The vacuolar import and degradation pathway merges with the endocytic pathway to deliver fructose-1,6-bisphosphatase to the vacuole for degradation.

The gluconeogenic enzyme fructose-1,6-bisphosphatase (FBPase) is degraded in the vacuole when glucose is added to glucose-starved cells. Before it is delivered to the vacuole, however, FBPase is imported into intermediate carriers called Vid (vacuole import and degradation) vesicles. Here, using biochemical and genetic approaches, we identified a requirement for SEC28 in FBPase degradation. SEC28 encodes the epsilon-COP subunit of COPI (coat protein complex I) coatomer proteins. When SEC28 and other coatomer genes were mutated, FBPase degradation was defective and FBPase association with Vid vesicles was impaired. Coatomer proteins were identified as components of Vid vesicles, and they formed a protein complex with a Vid vesicle-specific protein, Vid24p. Furthermore, Vid24p association with Vid vesicles was impaired when coatomer genes were mutated. Kinetic studies indicated that Sec28p traffics to multiple locations. Sec28p was in Vid vesicles, endocytic compartments, and the vacuolar membrane in various mutants that block the FBPase degradation pathway.
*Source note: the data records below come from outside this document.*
(* Let $\Lambda$ be a set with $2\leq|\Lambda|\leq\omega$, and for every $\lambda\in\Lambda$ let $\mathbf{H}(\lambda)$ be a $\pi$-tree on a topological space $X_\lambda$. Suppose that for every finite nonempty $I\subseteq\Lambda$: whenever $R_i\in\mathrm{Rise}_{\mathbf{H}(i)}(X_i)$ for all $i\in I$, the set $\bigcap_{i\in I}R_i$ is infinite. Then the Tychonoff product $\prod_{\lambda\in\Lambda}X_\lambda$ has a $\pi$-tree.
   Context: Neighbourhoods are not necessarily open. $\omega=\{0,1,2,\dots\}$, ${}^{<\omega}\omega$ is the set of finite sequences of natural numbers. A tree is a strict partial order in which the set of predecessors of every node is well-ordered; $\mathrm{height}(x)$ is the ordinal isomorphic to the set of predecessors of $x$; a branch is a maximal chain; $\mathrm{sons}(x)$ is the set of immediate successors of $x$; $0$ denotes the least node. A foliage tree is a pair $\mathbf{F}=(T,l)$ with $T$ a tree (skeleton) and $l$ a function on its nodes, $\mathbf{F}_x:=l(x)$ the leaf at $x$; tree notions apply via the skeleton. $\mathrm{shoot}_{\mathbf{F}}(v)=\{\bigcup_{x\in C}\mathbf{F}_x: C\text{ a cofinite subset of }\mathrm{sons}_{\mathbf{F}}(v)\}$; $\mathrm{scope}_{\mathbf{F}}(p)=\{x:p\in\mathbf{F}_x\}$. For families $\gamma,\delta$ of sets, $\gamma\gg\delta$ means every nonempty $D\in\delta$ contains some nonempty $G\in\gamma$. $\mathrm{rise}_{\mathbf{F}}(p,U)=\{\mathrm{height}_{\mathbf{F}}(v): v\in\mathrm{scope}_{\mathbf{F}}(p),\ \mathrm{shoot}_{\mathbf{F}}(v)\gg\{U\}\}$; $\mathrm{Rise}_{\mathbf{F}}(X)=\{\mathrm{rise}_{\mathbf{F}}(p,U):p\in X,\ U\text{ a neighbourhood of }p\text{ in }X\}$. $\mathbf{F}$ is locally strict if each non-maximal leaf $\mathbf{F}_x$ is the disjoint union of the leaves $\mathbf{F}_s$, $s\in\mathrm{sons}(x)$; has strict branches if it has a node and for each branch $B$, $\bigcap_{x\in B}\mathbf{F}_x$ is a singleton; is open in $X$ if all leaves are open in $X$; is a foliage $\omega,\omega$-tree if its skeleton is order-isomorphic to $({}^{<\omega}\omega,\subsetneq)$. A Baire foliage tree on $X$ is an open in $X$, locally strict foliage $\omega,\omega$-tree with strict branches and $\mathbf{F}_{0_{\mathbf{F}}}=X$. $\mathbf{F}$ grows into $X$ if for every $p\in X$ and neighbourhood $U$ of $p$ there is $z\in\mathrm{scope}_{\mathbf{F}}(p)$ with $\mathrm{shoot}_{\mathbf{F}}(z)\gg\{U\}$. A $\pi$-tree on $X$ is a Baire foliage tree on $X$ that grows into $X$; a space has a $\pi$-tree if there is a $\pi$-tree on it. *)

From HB Require Import structures.
From mathcomp Require Import all_boot all_order.
From mathcomp Require Import classical_sets boolp cardinality topology.
Set Implicit Arguments. Unset Strict Implicit. Unset Printing Implicit Defensive.
Local Open Scope classical_set_scope.

(* The skeleton ({}^{<omega} omega, proper-prefix order). A foliage
   omega,omega-tree on X is represented (up to skeleton isomorphism) by its
   leaf function on seq nat. *)
Definition foliage (X : Type) := seq nat -> set X.

Definition node_lt (s t : seq nat) : Prop := prefix s t /\ s <> t.

Definition sons (v : seq nat) : set (seq nat) := [set rcons v n | n in [set: nat]].

(* height(x) = order type of the predecessors of x (a natural number here) *)
Definition height (v : seq nat) : nat := size v.

Definition is_chain (B : set (seq nat)) : Prop :=
  forall s t, B s -> B t -> s = t \/ node_lt s t \/ node_lt t s.
Definition is_branch (B : set (seq nat)) : Prop :=
  is_chain B /\ forall C, is_chain C -> B `<=` C -> C = B.

Definition gg (T : Type) (gamma delta : set (set T)) : Prop :=
  forall D, delta D -> D <> set0 -> exists2 G, gamma G & G <> set0 /\ G `<=` D.

Definition shoot (X : Type) (F : foliage X) (v : seq nat) : set (set X) :=
  [set \bigcup_(x in C) F x | C in
     [set C : set (seq nat) | C `<=` sons v /\ finite_set (sons v `\` C)]].

Definition scope (X : Type) (F : foliage X) (p : X) : set (seq nat) :=
  [set x | F x p].

Definition rise (X : Type) (F : foliage X) (p : X) (U : set X) : set nat :=
  [set height v | v in [set v | scope F p v /\ gg (shoot F v) [set U]]].

Definition Rise (X : topologicalType) (F : foliage X) : set (set nat) :=
  [set R | exists p : X, exists2 U, nbhs p U & R = rise F p U].

Definition locally_strict (X : Type) (F : foliage X) : Prop :=
  (* every node of the skeleton is non-maximal *)
  forall x, F x = \bigcup_(s in sons x) F s /\
            (forall s t, sons x s -> sons x t -> s <> t -> F s `&` F t = set0).

Definition strict_branches (X : Type) (F : foliage X) : Prop :=
  forall B, is_branch B -> exists p : X, \bigcap_(x in B) F x = [set p].

Definition open_foliage (X : topologicalType) (F : foliage X) : Prop :=
  forall x, open (F x).

Definition Baire_foliage_tree (X : topologicalType) (F : foliage X) : Prop :=
  open_foliage F /\ locally_strict F /\ strict_branches F /\ F [::] = setT.

Definition grows_into (X : topologicalType) (F : foliage X) : Prop :=
  forall (p : X) U, nbhs p U -> exists2 z, scope F p z & gg (shoot F z) [set U].

Definition pi_tree (X : topologicalType) (F : foliage X) : Prop :=
  Baire_foliage_tree F /\ grows_into F.

Definition has_pi_tree (X : topologicalType) : Prop :=
  exists F : foliage X, pi_tree F.

(* Following the leaves through a point of a Baire foliage tree identifies X_l
   with nat -> nat ([address]), so a point x of the product becomes the array
   w j k = address (x l) k, where l is the coordinate of rank j.  The array is
   flattened into one sequence [product_code x] by listing, stage after stage,
   the finitely many entries with max j k = n, each stage encoded so that its
   first term is the minimum of the stage.  The leaves of the new tree are the
   sets of points whose sequence starts with a given word; such a word depends
   on finitely many coordinates up to a finite depth, so leaves are open.  For
   growth at p inside a box over finitely many coordinates J, take a level n
   above the ranks of J lying in the rises of all coordinates of J (their
   intersection is infinite).  At the node where stage n begins, a son with a
   large first digit makes every address of depth n large, which puts each
   coordinate l of J into a late son of the depth-n node of p l, and late sons
   of that node lie in the box. *)

From mathcomp Require Import all_boot all_order.
From mathcomp Require Import mathcomp_extra classical_sets boolp cardinality topology.
From mathcomp Require Import zify.
Set Implicit Arguments. Unset Strict Implicit. Unset Printing Implicit Defensive.
Local Open Scope classical_set_scope.

(** * Min-first encoding of sequences *)

(* (a, b) |-> (minn a b, min_pair_code a b) is a bijection of nat * nat: the
   code records which argument is the minimum and its gap to the other one. *)
Definition min_pair_code (a b : nat) : nat :=
  if a <= b then 2 * (b - a) else 2 * (a - b - 1) + 1.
Sec28p was also found in vesicles adjacent to the vacuolar membrane in the ret2-1 coatomer mutant. We propose that Sec28p resides in Vid vesicles, and these vesicles converge with the endocytic pathway. After fusion, Sec28p is distributed on the vacuolar membrane, where it concentrates on vesicles that pinch off from this organelle. FBPase also utilizes the endocytic pathway for transport to the vacuole, as demonstrated by its presence in endocytic compartments in the Deltavph1 mutant. Taken together, our results indicate a strong connection between the Vid trafficking pathway and the endocytic pathway.